Cette souffrance due à l’amour doit être considérée dans le contexte social et culturel – concrètement: à l’ère de l’individualisme. Comme le montre E. Illouz, aux XVIIIe et XIXe siècles, le couple et l’aventure amoureuse romantique étaient solidement ancrés dans des considérations sociales et économiques.
Aujourd’hui, l’amour est sorti de ses conditions-cadres sociales et donc «devenu le théâtre de la négociation de l’amour de soi», selon elle. Sur ce marché non régulé de la mise en couple, chacun doit savoir comment il conquiert. Chaque comportement hésitant et chaque échec seront par conséquent ressentis comme un échec personnel.
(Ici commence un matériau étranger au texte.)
(* Let $Z\in\mathbb{R}^{n\times m}$ and $w\in\mathbb{R}^n$ be fixed, let $\theta^*\in\mathbb{R}^m$ with $S^*=\operatorname{supp}(\theta^* )$, and set $y=Z\theta^*+w$. Let $\rho_\lambda$ satisfy Condition (R) and assume that for some $\delta\in(0,1)$, $$\frac1n|\langle w,Zu\rangle|\le\delta\Big[\frac{1}{2n}\|Zu\|_2^2+\rho_\lambda(u)\Big]\quad\text{for all }u\in\mathbb{R}^m.$$ Let $\xi=(1+\delta)/(1-\delta)$ and assume $\gamma^2:=\gamma^2_\rho(Z,S^*;\xi)>0$. Then every $\hat\theta\in\arg\min_{\theta\in\mathbb{R}^m}\frac{1}{2n}\|y-Z\theta\|_2^2+\rho_\lambda(\theta)$ satisfies $$\|\hat\theta-\theta^*\|_2\le\frac{2\xi}{\gamma^2}\rho_\lambda'(0^+)\|\theta^*\|_0^{1/2},\qquad\|\hat\theta-\theta^*\|_1\le\frac{2\xi(1+\xi)}{\gamma^2}\rho_\lambda'(0^+)\|\theta^*\|_0.$$
   Context: $\rho_\lambda(u)=\sum_i\rho_\lambda(|u_i|)$ for vectors. Condition (R): $\rho_\lambda:[0,\infty)\to[0,\infty)$ is concave, nondecreasing, right-differentiable at $0$, $\rho_\lambda(0)=0$, $0<\rho_\lambda'(0^+)<\infty$ (right derivative at $0$), and there are constants $a,b\ge0$ independent of $\lambda$ with $\rho_\lambda(x)\ge\min\{a\lambda x,b\lambda^2\}$. For $A\subset[m]$ and $u\in\mathbb{R}^m$, $u_A$ denotes $u$ restricted to the coordinates in $A$. Cone: $\mathcal{C}_\rho(A,\xi)=\{u\in\mathbb{R}^m:\rho_\lambda(u_{A^c})\le\xi\rho_\lambda(u_A)\}$. Generalized restricted eigenvalue constant: $\gamma^2_\rho(Z,A;\xi)=\inf\{\|Zu\|_2^2/(n\|u\|_2^2):u\in\mathcal{C}_\rho(A,\xi),u\neq0\}$. *)

From HB Require Import structures.
From mathcomp Require Import all_boot all_order all_algebra.
From mathcomp Require Import all_classical all_reals all_analysis.
Set Implicit Arguments. Unset Strict Implicit. Unset Printing Implicit Defensive.
Import Order.TTheory GRing.Theory Num.Theory.
Import numFieldNormedType.Exports.
Local Open Scope classical_set_scope.
Local Open Scope ring_scope.

Section Defs.
Variable R : realType.

Definition norm2 k (v : 'cV[R]_k) : R := Num.sqrt (\sum_i (v i 0) ^+ 2).
Definition norm1 k (v : 'cV[R]_k) : R := \sum_i `|v i 0|.
Definition supp k (v : 'cV[R]_k) : {set 'I_k} := [set i | v i 0 != 0].
Definition norm0 k (v : 'cV[R]_k) : nat := #|supp v|.
Definition dotv k (v w : 'cV[R]_k) : R := \sum_i v i 0 * w i 0.

Definition pen (rho : R -> R) k (u : 'cV[R]_k) : R := \sum_i rho `|u i 0|.
Definition penA (rho : R -> R) k (A : {set 'I_k}) (u : 'cV[R]_k) : R :=
  \sum_(i in A) rho `|u i 0|.

Definition cone (rho : R -> R) k (A : {set 'I_k}) (xi : R) : set 'cV[R]_k :=
  [set u | penA rho (~: A) u <= xi * penA rho A u].

(* generalized restricted eigenvalue constant, as an extended real
   (infimum of the empty set is +oo) *)
Definition gamma2 (rho : R -> R) n m (Z : 'M[R]_(n, m)) (A : {set 'I_m}) (xi : R)
  : \bar R :=
  ereal_inf [set ((norm2 (Z *m u)) ^+ 2 / (n%:R * (norm2 u) ^+ 2))%:E
            | u in [set u | cone rho A xi u /\ u != 0]].

Definition rderiv0 (f : R -> R) (d : R) : Prop :=
  (fun h => (f h - f 0) / h) @ 0^'+ --> d.

Definition condR (rho : R -> R -> R) : Prop :=
  (forall lam, 0 < lam ->
     (forall x, 0 <= x -> 0 <= rho lam x) /\
     (forall x y t, 0 <= x -> 0 <= y -> 0 <= t -> t <= 1 ->
        t * rho lam x + (1 - t) * rho lam y <= rho lam (t * x + (1 - t) * y)) /\
     (forall x y, 0 <= x -> x <= y -> rho lam x <= rho lam y) /\
     rho lam 0 = 0 /\
     (exists d, 0 < d /\ rderiv0 (rho lam) d)) /\
  (exists a b : R, 0 <= a /\ 0 <= b /\
     forall lam x, 0 < lam -> 0 <= x ->
       Num.min (a * lam * x) (b * lam ^+ 2) <= rho lam x).

End Defs.

From HB Require Import structures.
From mathcomp Require Import all_boot all_order all_algebra.
From mathcomp Require Import all_classical all_reals all_analysis.
From mathcomp Require Import ring lra.
Set Implicit Arguments. Unset Strict Implicit. Unset Printing Implicit Defensive.
Import Order.TTheory GRing.Theory Num.Theory.
Import numFieldNormedType.Exports.
Local Open Scope classical_set_scope.
Local Open Scope ring_scope.

(* Write D = thetahat - theta_star, S = supp theta_star and rho_A for the penalty on the coordinates
   in A.  Comparing the objective at thetahat and at theta_star, subadditivity of the concave
   penalty turns the penalty difference into rho_{S^c}(D) - rho_S(D), and the noise condition
   absorbs the cross term <w, Z D>; this leaves
     |Z D|^2 / 2n + rho_{S^c}(D) <= xi rho_S(D),
   so D lies in the cone and |Z D|^2 / n >= gamma^2 |D|^2.  Concavity also gives
   rho(x) <= rho'(0+) x, hence rho_S(D) <= rho'(0+) sqrt s |D|_2, and the l2 bound follows.
   For the l1 bound, let q = rho(t)/t be the chord slope at t = 2 rho'(0+)/gamma^2.  Splitting each
   coordinate according to |D_i| <= t or |D_i| > t gives
     q |D_i| <= rho(|D_i|) + gamma^2 |D_i|^2 / 2                          off S,
     q |D_i| <= xi (1 + xi) rho(t) - xi rho(|D_i|) + gamma^2 |D_i|^2 / 2   on S,
   and summing against the cone inequality leaves q |D|_1 <= s xi (1 + xi) q t. *)

Section RightDerivative.
Variable R : realType.

Lemma rderiv0_unique (f : R -> R) d d' : rderiv0 f d -> rderiv0 f d' -> d = d'.
Proof. by move=> fd fd'; rewrite -(cvg_lim _ fd) // (cvg_lim _ fd'). Qed.

Lemma rderiv0_ge (f : R -> R) d c : rderiv0 f d ->
  (\forall h \near 0^'+, c <= (f h - f 0) / h) -> c <= d.
Proof.
move=> fd c_le; rewrite -(cvg_lim _ fd) //.
by apply: limr_ge => //; apply/cvg_ex; exists d.
Qed.

Lemma rderiv0_le (f : R -> R) d c : rderiv0 f d ->
  (\forall h \near 0^'+, (f h - f 0) / h <= c) -> d <= c.
Proof.
move=> fd le_c; rewrite -(cvg_lim _ fd) //.
by apply: limr_le => //; apply/cvg_ex; exists d.
Qed.

End RightDerivative.

Section Norms.
Variable R : realType.

Lemma norm2_sqr k (v : 'cV[R]_k) : norm2 v ^+ 2 = \sum_i v i 0 ^+ 2.
Proof. by rewrite sqr_sqrtr // sumr_ge0 // => i _; exact: sqr_ge0. Qed.

Lemma norm2_sqrB k (v x : 'cV[R]_k) :
  norm2 (v - x) ^+ 2 = norm2 v ^+ 2 - 2 * dotv v x + norm2 x ^+ 2.
Proof.
rewrite !norm2_sqr /dotv mulr_sumr -sumrB -big_split /=.
by apply: eq_bigr => i _; rewrite !mxE; ring.
Qed.

Lemma norm2_gt0 k (v : 'cV[R]_k) : v != 0 -> 0 < norm2 v.
Proof.
apply: contraNT; rewrite sqrtr_gt0 -leNgt => sum_le0.
have sum0 : \sum_i v i 0 ^+ 2 = 0.
  by apply/eqP; rewrite eq_le sum_le0 sumr_ge0 // => i _; exact: sqr_ge0.
apply/eqP/matrixP => i j; rewrite ord1 mxE.
by apply/eqP; rewrite -sqrf_eq0; apply/eqP/(psumr_eq0P _ sum0) => // l _; exact: sqr_ge0.
Qed.

Lemma norm2_0 k : norm2 (0 : 'cV[R]_k) = 0.
Proof. by rewrite /norm2 big1 ?sqrtr0 // => i _; rewrite mxE expr0n. Qed.

Lemma norm1_0 k : norm1 (0 : 'cV[R]_k) = 0.
Proof. by rewrite /norm1 big1 // => i _; rewrite mxE normr0. Qed.

Lemma sumr_splitC k (A : {set 'I_k}) (F : 'I_k -> R) :
  \sum_i F i = \sum_(i in A) F i + \sum_(i in ~: A) F i.
Proof.
rewrite (bigID (mem A)) /=; congr (_ + _).
by apply: eq_bigl => i; rewrite inE.
Qed.

Lemma sum_norm_le_sqrt_card k (A : {set 'I_k}) (v : 'cV[R]_k) :
  \sum_(i in A) `|v i 0| <= Num.sqrt #|A|%:R * norm2 v.
Proof.
have [A0 | A_gt0] := posnP #|A|.
  by rewrite big_pred0 ?A0 ?sqrtr0 ?mul0r // => i; rewrite (card0_eq A0).
have [-> | v_neq0] := eqVneq v 0.
  by rewrite big1 ?mulr_ge0 ?sqrtr_ge0 // => i _; rewrite mxE normr0.
have s_gt0 : 0 < Num.sqrt #|A|%:R :> R by rewrite sqrtr_gt0 ltr0n.
set s := Num.sqrt (#|A|%:R : R) in s_gt0 *.
set c := norm2 v / s.
have c_gt0 : 0 < c by rewrite divr_gt0 ?norm2_gt0.
(* AM-GM with the weight [c] that balances the two terms *)
have amgm i : `|v i 0| <= v i 0 ^+ 2 / (2 * c) + c / 2.
  rewrite -subr_ge0 -(real_normK (num_real (v i 0))).
  have -> : `|v i 0| ^+ 2 / (2 * c) + c / 2 - `|v i 0| = (`|v i 0| - c) ^+ 2 / (2 * c).
    by field; rewrite gt_eqF.
  by rewrite divr_ge0 ?sqr_ge0 // mulr_ge0 // ltW.
apply: (le_trans (ler_sum _ (fun i _ => amgm i))).
rewrite big_split /= sumr_const -[c / 2 *+ _]mulr_natr -mulr_suml.
have sq_le : \sum_(i in A) v i 0 ^+ 2 <= norm2 v ^+ 2.
  rewrite norm2_sqr (sumr_splitC A) lerDl.
  by rewrite sumr_ge0 // => i _; exact: sqr_ge0.
apply: (@le_trans _ _ (norm2 v ^+ 2 / (2 * c) + c / 2 * #|A|%:R)).
  by rewrite lerD2r ler_pM2r // invr_gt0 mulr_gt0.
have -> : (#|A|%:R : R) = s ^+ 2 by rewrite sqr_sqrtr ?ler0n.
suff -> : norm2 v ^+ 2 / (2 * c) + c / 2 * s ^+ 2 = s * norm2 v by [].
by rewrite /c; field; rewrite !gt_eqF ?norm2_gt0.
Qed.

End Norms.

Section ConcavePenalty.
Variables (R : realType) (r : R -> R).
Hypothesis r_ge0 : forall x : R, 0 <= x -> 0 <= r x.
Hypothesis r_concave : forall x y t : R, 0 <= x -> 0 <= y -> 0 <= t -> t <= 1 ->
  t * r x + (1 - t) * r y <= r (t * x + (1 - t) * y).
Hypothesis r_mono : forall x y : R, 0 <= x -> x <= y -> r x <= r y.
Hypothesis r0 : r 0 = 0.

Lemma penalty_slope_antitone (x y : R) : 0 <= x -> x <= y -> 0 < y -> x * r y <= y * r x.
Proof.
move=> x_ge0 le_xy y_gt0.
have := r_concave (ltW y_gt0) (lexx 0) (divr_ge0 x_ge0 (ltW y_gt0)).
rewrite ler_pdivrMr // mul1r r0 !mulr0 !addr0 divfK ?gt_eqF // => /(_ le_xy).
by rewrite mulrAC ler_pdivrMr // [r x * _]mulrC.
Qed.

Lemma penalty_subadditive (x y : R) : 0 <= x -> 0 <= y -> r (x + y) <= r x + r y.
Proof.
move=> x_ge0 y_ge0; have [xy0 | xy_gt0] := eqVneq (x + y) 0.
  have [-> ->] : x = 0 /\ y = 0 by lra.
  by rewrite addr0 r0 addr0.
have {xy_gt0}xy_gt0 : 0 < x + y by rewrite lt_neqAle eq_sym xy_gt0 addr_ge0.
have rx : x * r (x + y) <= (x + y) * r x by apply: penalty_slope_antitone => //; lra.
have ry : y * r (x + y) <= (x + y) * r y by apply: penalty_slope_antitone => //; lra.
by rewrite -(ler_pM2l xy_gt0) mulrDr; lra.
Qed.

Lemma penalty_le_rderiv (d x : R) : rderiv0 r d -> 0 <= x -> r x <= d * x.
Proof.
move=> rd; rewrite le0r => /orP[/eqP-> | x_gt0]; first by rewrite r0 mulr0.
rewrite -ler_pdivrMr //; apply: (rderiv0_ge rd); near=> h.
have h_gt0 : 0 < h by near: h; exact: nbhs_right_gt.
have h_le : h <= x by near: h; exact: nbhs_right_le.
rewrite r0 subr0 ler_pdivlMr // mulrAC ler_pdivrMr // mulrC [r h * _]mulrC.
exact: penalty_slope_antitone (ltW h_gt0) h_le x_gt0.
Unshelve. all: by end_near.
Qed.

Lemma rderiv0_ge0 (d : R) : rderiv0 r d -> 0 <= d.
Proof.
move=> rd; rewrite -[d]mulr1.
by apply: le_trans (penalty_le_rderiv rd ler01); exact: r_ge0.
Qed.

Lemma penalty_gt0 (d t : R) : rderiv0 r d -> 0 < d -> 0 < t -> 0 < r t.
Proof.
move=> rd d_gt0 t_gt0; rewrite lt_neqAle eq_sym r_ge0 ?ltW // andbT.
apply: contraTneq d_gt0 => rt0; rewrite -leNgt.
apply: (rderiv0_le rd); near=> h.
have h_gt0 : 0 < h by near: h; exact: nbhs_right_gt.
have h_le : h <= t by near: h; exact: nbhs_right_le.
suff -> : r h = 0 by rewrite r0 subrr mul0r.
by apply/eqP; rewrite eq_le (r_ge0 (ltW h_gt0)) andbT -rt0 r_mono // ltW.
Unshelve. all: by end_near.
Qed.

Lemma pen_splitC k (A : {set 'I_k}) (u : 'cV[R]_k) :
  pen r u = penA r A u + penA r (~: A) u.
Proof. exact: sumr_splitC. Qed.

Lemma pen_subr_ge k (theta theta0 : 'cV[R]_k) :
  penA r (~: supp theta0) (theta - theta0) - penA r (supp theta0) (theta - theta0)
    <= pen r theta - pen r theta0.
Proof.
rewrite !(pen_splitC (supp theta0)).
have off_supp : penA r (~: supp theta0) (theta - theta0) = penA r (~: supp theta0) theta.
  by apply: eq_bigr => i; rewrite !inE negbK => /eqP theta0_i; rewrite !mxE theta0_i subr0.
have off_supp0 : penA r (~: supp theta0) theta0 = 0.
  by apply: big1 => i; rewrite !inE negbK => /eqP ->; rewrite normr0 r0.
have on_supp : penA r (supp theta0) theta0 <=
    penA r (supp theta0) theta + penA r (supp theta0) (theta - theta0).
  rewrite /penA -big_split; apply: ler_sum => i _; rewrite !mxE.
  apply: le_trans (penalty_subadditive (normr_ge0 _) (normr_ge0 _)).
  by apply: r_mono => //; rewrite -{1}(subKr (theta i 0) (theta0 i 0)) ler_normB.
lra.
Qed.

Lemma penA_le_sqrt_card (d : R) k (A : {set 'I_k}) (u : 'cV[R]_k) : rderiv0 r d ->
  penA r A u <= d * Num.sqrt #|A|%:R * norm2 u.
Proof.
move=> rd; apply: (@le_trans _ _ (d * \sum_(i in A) `|u i 0|)).
  by rewrite mulr_sumr; apply: ler_sum => i _; exact: penalty_le_rderiv.
by rewrite -mulrA ler_wpM2l ?(rderiv0_ge0 rd) ?sum_norm_le_sqrt_card.
Qed.

Lemma penalty_slope_le_rderiv (d t : R) : rderiv0 r d -> 0 < t -> r t / t <= d.
Proof. by move=> rd t_gt0; rewrite ler_pdivrMr // penalty_le_rderiv ?ltW. Qed.

Section ChordSlope.
Variables (d G t : R).
Hypotheses (rd : rderiv0 r d) (G_gt0 : 0 < G) (t_gt0 : 0 < t) (Gt : G * t = 2 * d).

Let slope_facts : [/\ r t / t <= d, 0 <= r t / t & r t / t * t = r t].
Proof.
by split; rewrite ?penalty_slope_le_rderiv ?divr_ge0 ?r_ge0 ?ltW ?divfK ?gt_eqF.
Qed.
(* Let $\Sigma$ be a finite alphabet, let $n$ be a positive integer and let $\varphi\in\mathrm{FO}^2_n[<]$ be a unique position formula. Then there are $k\in\mathbb{N}$, pairwise mutually exclusive formulas $\alpha_1,\dots,\alpha_k\in\mathrm{FO}^2_n[<]$ and rankers $r_1,\dots,r_k\in R_n^\star$ such that $$\varphi\equiv\bigvee_{i\in[1,k]}\bigl(\alpha_i\wedge\psi_{r_i}\bigr),$$ where for each ranker $r\in R_n^\star$, $\psi_r\in\mathrm{FO}^2_n[<]$ denotes a formula with free variable $x$ such that for all $w\in\Sigma^\star$ and $i\in[1,|w|]$, $(w,i)\models\psi_r$ iff $i=r(w)$.
   Context: Words are finite structures with universe $\{1,\dots,|w|\}$, unary predicates $Q_a$ ($a\in\Sigma$) marking the positions carrying letter $a$, and the order $<$. $\mathrm{FO}^2_n[<]$ is first-order logic over this signature using only the variables $x,y$, with quantifier depth at most $n$. $(w,i)$ denotes $w$ with $x$ interpreted as $i$. A formula $\varphi\in\mathrm{FO}^2[<]$ with free variable $x$ is a unique position formula if for every $w\in\Sigma^\star$ there is at most one $i\in[1,|w|]$ with $(w,i)\models\varphi$. Boundary positions: for $a\in\Sigma$, $\triangleright_a(w)=\min\{i: w_i=a\}$, $\triangleleft_a(w)=\max\{i: w_i=a\}$, $\triangleright_a(w,q)=\min\{i\in[q+1,|w|]:w_i=a\}$, $\triangleleft_a(w,q)=\max\{i\in[1,q-1]:w_i=a\}$ (undefined if empty). An $n$-ranker is a sequence $r=(p_1,\dots,p_n)$ of boundary positions with $r(w)=p_1(w)$ if $n=1$, undefined if $(p_1,\dots,p_{n-1})(w)$ is undefined, and $p_n(w,(p_1,\dots,p_{n-1})(w))$ otherwise. $R_n^\star$ is the set of all $i$-rankers for $i\in[1,n]$. *)

From mathcomp Require Import all_boot.
Set Implicit Arguments. Unset Strict Implicit. Unset Printing Implicit Defensive.

Inductive var := VX | VY.

Inductive fo2 (Sigma : Type) :=
  | FTrue
  | FFalse
  | FLetter of Sigma & var
  | FLt of var & var
  | FEq of var & var
  | FNot of fo2 Sigma
  | FAnd of fo2 Sigma & fo2 Sigma
  | FOr of fo2 Sigma & fo2 Sigma
  | FEx of var & fo2 Sigma.

Arguments FTrue {Sigma}.
Arguments FFalse {Sigma}.

Definition var_eqb (u v : var) : bool :=
  match u, v with VX, VX | VY, VY => true | _, _ => false end.

Fixpoint qdepth (Sigma : Type) (f : fo2 Sigma) : nat :=
  match f with
  | FNot g => qdepth g
  | FAnd g h | FOr g h => maxn (qdepth g) (qdepth h)
  | FEx _ g => (qdepth g).+1
  | _ => 0
  end.

Definition in_FO2n (Sigma : Type) (n : nat) (f : fo2 Sigma) : bool :=
  qdepth f <= n.

Fixpoint free (Sigma : Type) (v : var) (f : fo2 Sigma) : bool :=
  match f with
  | FTrue | FFalse => false
  | FLetter _ u => var_eqb u v
  | FLt u1 u2 | FEq u1 u2 => var_eqb u1 v || var_eqb u2 v
  | FNot g => free v g
  | FAnd g h | FOr g h => free v g || free v h
  | FEx u g => ~~ var_eqb u v && free v g
  end.

Definition only_x (Sigma : Type) (f : fo2 Sigma) : bool := ~~ free VY f.

(* ---------- Semantics over words; positions are 1..|w| ---------- *)
Section Sem.
Variable Sigma : eqType.
Implicit Types (w : seq Sigma) (f : fo2 Sigma).

Definition letter_at w (i : nat) : option Sigma := onth w i.-1.

Definition in_pos w (i : nat) : bool := (1 <= i) && (i <= size w).

Definition upd (nu : var -> nat) (v : var) (i : nat) : var -> nat :=
  fun u => if var_eqb u v then i else nu u.

Fixpoint sat w (nu : var -> nat) f : Prop :=
  match f with
  | FTrue => True
  | FFalse => False
  | FLetter a v => in_pos w (nu v) /\ letter_at w (nu v) = Some a
  | FLt u v => nu u < nu v
  | FEq u v => nu u = nu v
  | FNot g => ~ sat w nu g
  | FAnd g h => sat w nu g /\ sat w nu h
  | FOr g h => sat w nu g \/ sat w nu h
  | FEx v g => exists i, in_pos w i /\ sat w (upd nu v i) g
  end.

(* (w, i) |= f : x interpreted as i (y is irrelevant for formulas with only x free) *)
Definition satx w (i : nat) f : Prop := sat w (fun v => if v is VX then i else 0) f.

Definition unique_position f : Prop :=
  only_x f /\
  forall w i j, in_pos w i -> in_pos w j -> satx w i f -> satx w j f -> i = j.

Definition fo2_equiv f g : Prop :=
  forall w i, in_pos w i -> (satx w i f <-> satx w i g).

(* a boundary position: (true, a) is |>_a, (false, a) is <|_a *)
Definition bpos := (bool * Sigma)%type.

Definition positions_with w (a : Sigma) (s : seq nat) : seq nat :=
  [seq i <- s | letter_at w i == Some a].

(* |>_a(w) = min {i : w_i = a},  <|_a(w) = max {i : w_i = a} *)
Definition bpos_abs w (p : bpos) : option nat :=
  let l := positions_with w p.2 (iota 1 (size w)) in
  if p.1 then ohead l else ohead (rev l).

(* |>_a(w,q) = min {i in [q+1,|w|] : w_i = a},
   <|_a(w,q) = max {i in [1,q-1] : w_i = a} *)
Definition bpos_rel w (p : bpos) (q : nat) : option nat :=
  if p.1 then ohead (positions_with w p.2 (iota q.+1 (size w - q)))
  else ohead (rev (positions_with w p.2 (iota 1 q.-1))).

Definition ranker := seq bpos.

(* r(w) for a ranker r = (p_1,...,p_m); undefined (None) for the empty sequence *)
Definition ranker_eval w (r : ranker) : option nat :=
  match r with
  | [::] => None
  | p1 :: rest =>
      foldl (fun (acc : option nat) p =>
               if acc is Some q then bpos_rel w p q else None)
            (bpos_abs w p1) rest
  end.

Definition in_Rstar (n : nat) (r : ranker) : bool := (1 <= size r) && (size r <= n).

Definition defines_ranker (n : nat) (psi : fo2 Sigma) (r : ranker) : Prop :=
  in_FO2n n psi /\ only_x psi /\
  forall w i, in_pos w i -> (satx w i psi <-> ranker_eval w r = Some i).

Definition big_disj (psi : ranker -> fo2 Sigma) (s : seq (fo2 Sigma * ranker)) : fo2 Sigma :=
  foldr (fun p acc => FOr (FAnd p.1 (psi p.2)) acc) FFalse s.

Definition mutually_exclusive (s : seq (fo2 Sigma)) : Prop :=
  forall i j, i < j < size s ->
    forall w p, in_pos w p ->
      ~ (satx w p (nth FFalse s i) /\ satx w p (nth FFalse s j)).

End Sem.

(* A unique position formula of depth n holds only at positions that are values
   of rankers of size at most n.  Suppose no such ranker reaches position i of w,
   and duplicate the letter w_i.  In the longer word these rankers take their old
   values shifted past i, and both copies i and i+1 compare to them as i does in w.
   Positions that carry the same letter and compare alike to all rankers of size at
   most k cannot be told apart in the k-round two-pebble Ehrenfeucht-Fraisse game:
   Duplicator answers a move q by the value of a ranker one step longer, namely the
   first or last occurrence of the letter of q between the ranker values nearest to
   q.  Hence phi holds at both i and i+1, contradicting uniqueness.  Listing R_n^*
   as r_1, r_2, ..., phi is then the disjunction of the formulas
   phi /\ psi_{r_j} /\ ~psi_{r_1} /\ ... /\ ~psi_{r_(j-1)}. *)

From Corelib Require Import Setoid.
From mathcomp Require Import all_boot zify.
Set Implicit Arguments. Unset Strict Implicit. Unset Printing Implicit Defensive.

(** * Boundary positions and rankers *)

Variant first_in_spec (P : pred nat) s len : option nat -> Prop :=
 | FirstIn j of s <= j < s + len & P j & (forall m, s <= m < j -> ~~ P m) :
     first_in_spec P s len (Some j)
 | FirstInNone of (forall m, s <= m < s + len -> ~~ P m) : first_in_spec P s len None.

Lemma first_in_iotaP (P : pred nat) s len :
  first_in_spec P s len (ohead [seq m <- iota s len | P m]).
Proof.
elim: len s => [|len IH] s /=; first by constructor => m; lia.
case Ps: (P s) => /=; first by constructor => // [|m]; lia.
case: (IH s.+1) => [j j_in Pj before_j|none]; constructor => //.
- lia.
- by move=> m m_in; have [->|ne] := eqVneq m s; [rewrite Ps | apply: before_j; lia].
- by move=> m m_in; have [->|ne] := eqVneq m s; [rewrite Ps | apply: none; lia].
Qed.

Variant last_in_spec (P : pred nat) s len : option nat -> Prop :=
 | LastIn j of s <= j < s + len & P j & (forall m, j < m < s + len -> ~~ P m) :
     last_in_spec P s len (Some j)
 | LastInNone of (forall m, s <= m < s + len -> ~~ P m) : last_in_spec P s len None.

Lemma last_in_iotaP (P : pred nat) s len :
  last_in_spec P s len (ohead (rev [seq m <- iota s len | P m])).
Proof.
elim: len => [|len IH]; first by constructor => m; lia.
rewrite -addn1 iotaD /= filter_cat /= rev_cat /=.
case Ps: (P (s + len)) => /=; first by constructor => // [|m]; lia.
case: IH => [j j_in Pj after_j|none]; constructor => //.
- lia.
- by move=> m m_in; have [->|ne] := eqVneq m (s + len); [rewrite Ps | apply: after_j; lia].
- by move=> m m_in; have [->|ne] := eqVneq m (s + len); [rewrite Ps | apply: none; lia].
Qed.

Section Letters.
Variable Sigma : eqType.
Implicit Types (w : seq Sigma) (b : Sigma).

Lemma letter_at_in_pos w m b : letter_at w m = Some b -> 0 < m -> in_pos w m.
Proof.
rewrite /letter_at /in_pos => wm m_gt0.
have : (onth w m.-1 : bool) by rewrite wm.
rewrite onthTE; lia.
Qed.

Lemma letter_at_oversize w m : size w < m -> letter_at w m = None.
Proof. by move=> ?; rewrite /letter_at onth_default //; lia. Qed.

Lemma in_pos_letter w q : in_pos w q -> exists b, letter_at w q = Some b.
Proof.
rewrite /in_pos /letter_at => /andP [q_gt0 q_le].
have : (onth w q.-1 : bool) by rewrite onthTE; lia.
by case: onth => // b _; exists b.
Qed.

Variant next_letter_spec w b q : option nat -> Prop :=
 | NextLetter j of q < j & letter_at w j = Some b &
     (forall m, q < m < j -> letter_at w m <> Some b) : next_letter_spec w b q (Some j)
 | NoNextLetter of (forall m, q < m -> letter_at w m <> Some b) :
     next_letter_spec w b q None.

Lemma next_letterP w b q : next_letter_spec w b q (bpos_rel w (true, b) q).
Proof.
rewrite /bpos_rel /= /positions_with.
case: first_in_iotaP => [j j_in /eqP wj before_j|none]; constructor => //.
- lia.
- by move=> m m_in; apply/eqP/before_j; lia.
- move=> m m_gt; have [m_le|m_big] := leqP m (size w); first by apply/eqP/none; lia.
  by rewrite letter_at_oversize.
Qed.

Variant prev_letter_spec w b q : option nat -> Prop :=
 | PrevLetter j of 0 < j < q & letter_at w j = Some b &
     (forall m, j < m < q -> letter_at w m <> Some b) : prev_letter_spec w b q (Some j)
 | NoPrevLetter of (forall m, 0 < m < q -> letter_at w m <> Some b) :
     prev_letter_spec w b q None.

Lemma prev_letterP w b q : prev_letter_spec w b q (bpos_rel w (false, b) q).
Proof.
rewrite /bpos_rel /= /positions_with.
case: last_in_iotaP => [j j_in /eqP wj after_j|none]; constructor => //.
- lia.
- by move=> m m_in; apply/eqP/after_j; lia.
- by move=> m m_in; apply/eqP/none; lia.
Qed.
La sociologue ne fait pas ainsi l’apologie de circonstances anciennes, par exemple. Elle attire plutôt l’attention sur le fait que le «moi moderne» doit lutter contre les possibilités de choix et les points de référence manquants; il doit se réinventer et se resituer pratiquement sans cesse. (Poursuivez votre lecture ci-dessous...)
Le fait que l’amour au XXIe siècle soit imprégné de valeurs capitalistes telles que la course à l’efficacité ou le consumérisme, ne facilite pas la chose. «Le choix du partenaire se fait sur un marché extrêmement concurrentiel», souligne Eva Illouz.
De moins en moins de gens sont prêts à connaître vraiment leur vis-à-vis et à prendre le temps de laisser des sentiments se développer – comme si l’amour devait survenir, que le courant devait toujours passer tout de suite.
E. Illouz ne dit pas d’éluder la douleur par tous les moyens, au contraire. Elle est simplement pour ne plus soumettre les sentiments à la logique économique, et laisser à l’amour le temps de réaliser son unicité plutôt que de se rendre esclave du sentiment enivrant de l’état amoureux.
Car cela signifie également toujours vivre dans le souvenir d’un idéal romantique et enjolivé - et c’est le chemin le plus sûr vers le chagrin (voir aussi «Quel est le secret de l’amour?».